June Stanley, directrice générale du National Rehabilitation Hospital, et Jen Maher, sa responsable des affaires générales, souhaitaient renforcer leur conseil d’administration de 12 personnes, dont un tiers avait déjà été recruté grâce à Boardmatch. L’hôpital emploie environ 700 personnes et a reçu un financement de 75 millions d’euros de la HSE (Health Service Executive) l’année dernière.
« Nous avons recruté des personnes possédant des compétences en finance et en stratégie. Elles donnent toutes de leur temps gratuitement et apportent leur expertise au conseil d’administration », précise June Stanley. Elle ajoute : « Nous examinons cette année la question de l’architecture ou de l’ingénierie, car nous avons ouvert notre nouvel hôpital et nous en sommes aux premiers stades de la planification de la phase suivante. Nous aimerions vraiment avoir ces compétences au sein du conseil d’administration, quelqu’un qui puisse conseiller le conseil et participer aux discussions sur le projet. »
Amy Herron et Declan Meade recrutaient également pour The Stinging Fly, une revue littéraire qui soutient les jeunes écrivains irlandais. « Je ne dirais pas non à un comptable », a déclaré Declan Meade, fondateur de la revue il y a 25 ans et qui l’a dirigée sans conseil d’administration pendant la majeure partie de cette période.
Le financement du Conseil des arts est assorti de nombreuses exigences en matière de gouvernance et, au cours des quatre dernières années, Declan Meade a apprécié les avantages d’avoir d’autres points de vue autour de la table du conseil d’administration. Comme de nombreuses associations présentes, les premiers contacts ont été établis par le biais de relations personnelles, mais ils espèrent élargir leur réseau.
Mark Flanagan, fort de plus de 20 ans d’expérience dans des postes de direction au sein de grandes multinationales, notamment dans le secteur technologique, était l’un des premiers candidats à franchir la porte de l’événement. Il explique qu’il est à un stade de sa carrière où il souhaite mettre son expertise au service d’une association caritative pour « tirer parti de l’expertise dont je dispose, des connaissances que j’ai acquises pour aider ce genre d’organisations ». Il s’est notamment intéressé à des associations œuvrant pour les enfants, convaincu de l’importance de les aider à s’épanouir.

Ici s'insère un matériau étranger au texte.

Lemma mkz_coef_pascal q n k : 0 <= q ->
  mkz_coef q (S n) (S k) = mkz_coef q (S n) k + q ^ S k * mkz_coef q n (S k).
Proof.
  intros Hq; rewrite !mkz_coef_eq.
  replace (S n + S k)%nat with (S (S (n + k))) by lia.
  replace (S n + k)%nat with (S (n + k)) by lia.
  replace (n + S k)%nat with (S (n + k)) by lia.
  assert (Hsplit : qint q (S (S (n + k))) = qint q (S k) + q ^ S k * qint q (S n)).
  { rewrite <- qint_add; f_equal; lia. }
  simpl qfact; rewrite Hsplit.
  pose proof (qfact_pos q (n + k) Hq); pose proof (qfact_pos q k Hq); pose proof (qfact_pos q n Hq).
  pose proof (qint_ge_1 q k Hq); pose proof (qint_ge_1 q n Hq); pose proof (qint_ge_1 q (n + k) Hq).
  field; repeat split; lra.
Qed.

Lemma mkz_coef_S_node q n k : 0 <= q ->
  mkz_coef q n (S k) * mkz_node q n (S k) = mkz_coef q n k.
Proof.
  intros Hq; unfold mkz_node; rewrite !mkz_coef_eq.
  replace (n + S k)%nat with (S (n + k)) by lia; replace (S k + n)%nat with (S (n + k)) by lia.
  simpl qfact.
  pose proof (qfact_pos q (n + k) Hq); pose proof (qfact_pos q k Hq); pose proof (qfact_pos q n Hq).
  pose proof (qint_ge_1 q k Hq); pose proof (qint_ge_1 q (n + k) Hq).
  field; repeat split; lra.
Qed.

Lemma mkz_node_0 q n : mkz_node q n 0 = 0.
Proof. unfold mkz_node; rewrite qint_0; unfold Rdiv; ring. Qed.

Lemma mkz_node_bounds q n k : 0 <= q -> 0 <= mkz_node q n k <= 1.
Proof.
  intros Hq; unfold mkz_node.
  pose proof (qint_ge_0 q k Hq); pose proof (qint_le q k (k + n) Hq ltac:(lia)).
  destruct (Req_dec (qint q (k + n)) 0) as [->|Hne].
  - unfold Rdiv; rewrite Rinv_0; lra.
  - assert (0 < qint q (k + n)) by (pose proof (qint_ge_0 q (k + n) Hq); lra).
    split; [apply Rdiv_le_0_compat; lra|].
    apply Rcomplements.Rle_div_l; lra.
Qed.

Lemma mkz_node_S_le q n k : 0 <= q <= 1 ->
  mkz_node q n (S k) <= / qint q (S n) + mkz_node q n k.
Proof.
  intros Hq; unfold mkz_node; rewrite qint_S_mul.
  set (D := qint q (S k + n)).
  assert (HD : qint q (S n) <= D) by (apply qint_le; [lra | lia]).
  pose proof (qint_ge_1 q n (proj1 Hq)).
  pose proof (qint_ge_0 q k (proj1 Hq)) as Hk.
  assert (Hfirst : 1 / D <= / qint q (S n)).
  { unfold Rdiv; rewrite Rmult_1_l; apply Rinv_le_contravar; lra. }
  assert (Hsecond : q * qint q k / D <= qint q k / qint q (k + n)).
  { destruct (Nat.eq_dec (k + n) 0) as [Hz|Hz].
    - replace k with 0%nat by lia; rewrite qint_0, Rmult_0_r; unfold Rdiv; lra.
    - assert (Hkn : 1 <= qint q (k + n)).
      { replace (k + n)%nat with (S (k + n - 1)) by lia; apply qint_ge_1; lra. }
      assert (qint q (k + n) <= D) by (apply qint_le; [lra | lia]).
      apply Rle_trans with (qint q k / D).
      + unfold Rdiv; apply Rmult_le_compat_r; [left; apply Rinv_0_lt_compat; lra | nra].
      + unfold Rdiv; apply Rmult_le_compat_l; [lra | apply Rinv_le_contravar; lra]. }
  replace ((1 + q * qint q k) / D) with (1 / D + q * qint q k / D) by (field; lra).
  lra.
Qed.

Leila Calnan, qui travaille depuis 30 ans dans le secteur du développement international, voyageant beaucoup et se spécialisant dans l’accompagnement des petites et moyennes entreprises, approchait de la retraite et recherchait des organisations où elle pourrait mettre son expérience au service de l’orientation stratégique. Elle est déjà membre des conseils d’administration de plusieurs associations, dont une qui regroupe des associations caritatives et des bénévoles dans la région de Dún Laoghaire. Elle estime que ce travail est extrêmement gratifiant.
Sumil Govindan, responsable d’une équipe d’ingénieurs logiciels chez BT Ireland, souhaitait « faire autre chose que mon rôle dans l’entreprise ». Il envisage d’aider certaines associations avec leur technologie, « parce que beaucoup de petites organisations n’ont pas d’expertise technologique », a-t-il déclaré. « Peut-être que je pourrai aider un peu », a-t-il ajouté, convaincu qu’il y gagnerait également beaucoup personnellement.